## Exercise requirements
Lines with "Definition": copy each one from the listing below.
Raw data: Begin
(* A finitely generated associative algebra $A$ is NC-complete if and only if it is Lie complete. Similarly, $A$ is NC-nilpotent if and only if it is Lie nilpotent.
   Context: $L_1=A$, $L_k=[A,L_{k-1}]$, $M_k=AL_kA$. The NC-filtration is $F_k=\sum_{m\ge1}\sum_{i_1+\cdots+i_m=k+m}M_{i_1}\cdots M_{i_m}$. $A$ is Lie complete (resp. NC-complete) if it is complete in the topology defined by the filtration $M_\bullet$ (resp. $F_\bullet$); $A$ is Lie nilpotent (resp. NC-nilpotent) if $M_N(A)=0$ (resp. $F_N(A)=0$) for some $N$. *)

From HB Require Import structures.
From mathcomp Require Import all_boot all_order all_algebra.
Set Implicit Arguments. Unset Strict Implicit. Unset Printing Implicit Defensive.
Import GRing.Theory.
Local Open Scope ring_scope.

Section NCFiltration.
Variables (K : fieldType) (A : algType K).

Inductive span (S : A -> Prop) : A -> Prop :=
  | span_in x : S x -> span S x
  | span_0 : span S 0
  | span_add x y : span S x -> span S y -> span S (x + y)
  | span_scale (c : K) x : span S x -> span S (c *: x).

Definition setmul (P Q : A -> Prop) : A -> Prop :=
  span (fun x => exists p q, P p /\ Q q /\ x = p * q).

Definition commA (V : A -> Prop) : A -> Prop :=
  span (fun x => exists a v, V v /\ x = a * v - v * a).

(* L k : L_1 = A, L_{k+1} = [A, L_k]  (L 0 := A, an unused dummy) *)
Fixpoint Lser (k : nat) : A -> Prop :=
  match k with
  | 0 => fun _ => True
  | k'.+1 => if k' == 0%N then (fun _ => True) else commA (Lser k')
  end.

Definition Mser (k : nat) : A -> Prop :=
  span (fun x => exists a v b, Lser k v /\ x = a * v * b).

Fixpoint Mprod (s : seq nat) : A -> Prop :=
  match s with
  | [::] => fun x => x = 1
  | i :: s' => setmul (Mser i) (Mprod s')
  end.

Definition Fser (k : nat) : A -> Prop :=
  span (fun x => exists s : seq nat,
          [/\ s != [::], all (fun i => 0 < i)%N s,
              sumn s = (k + size s)%N & Mprod s x]).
Raw data: End
## Solution to the exercise
Definition setmul (P Q : A -> Prop) : A -> Prop :=
Definition commA (V : A -> Prop) : A -> Prop :=
Definition Mser (k : nat) : A -> Prop :=
Definition Fser (k : nat) : A -> Prop :=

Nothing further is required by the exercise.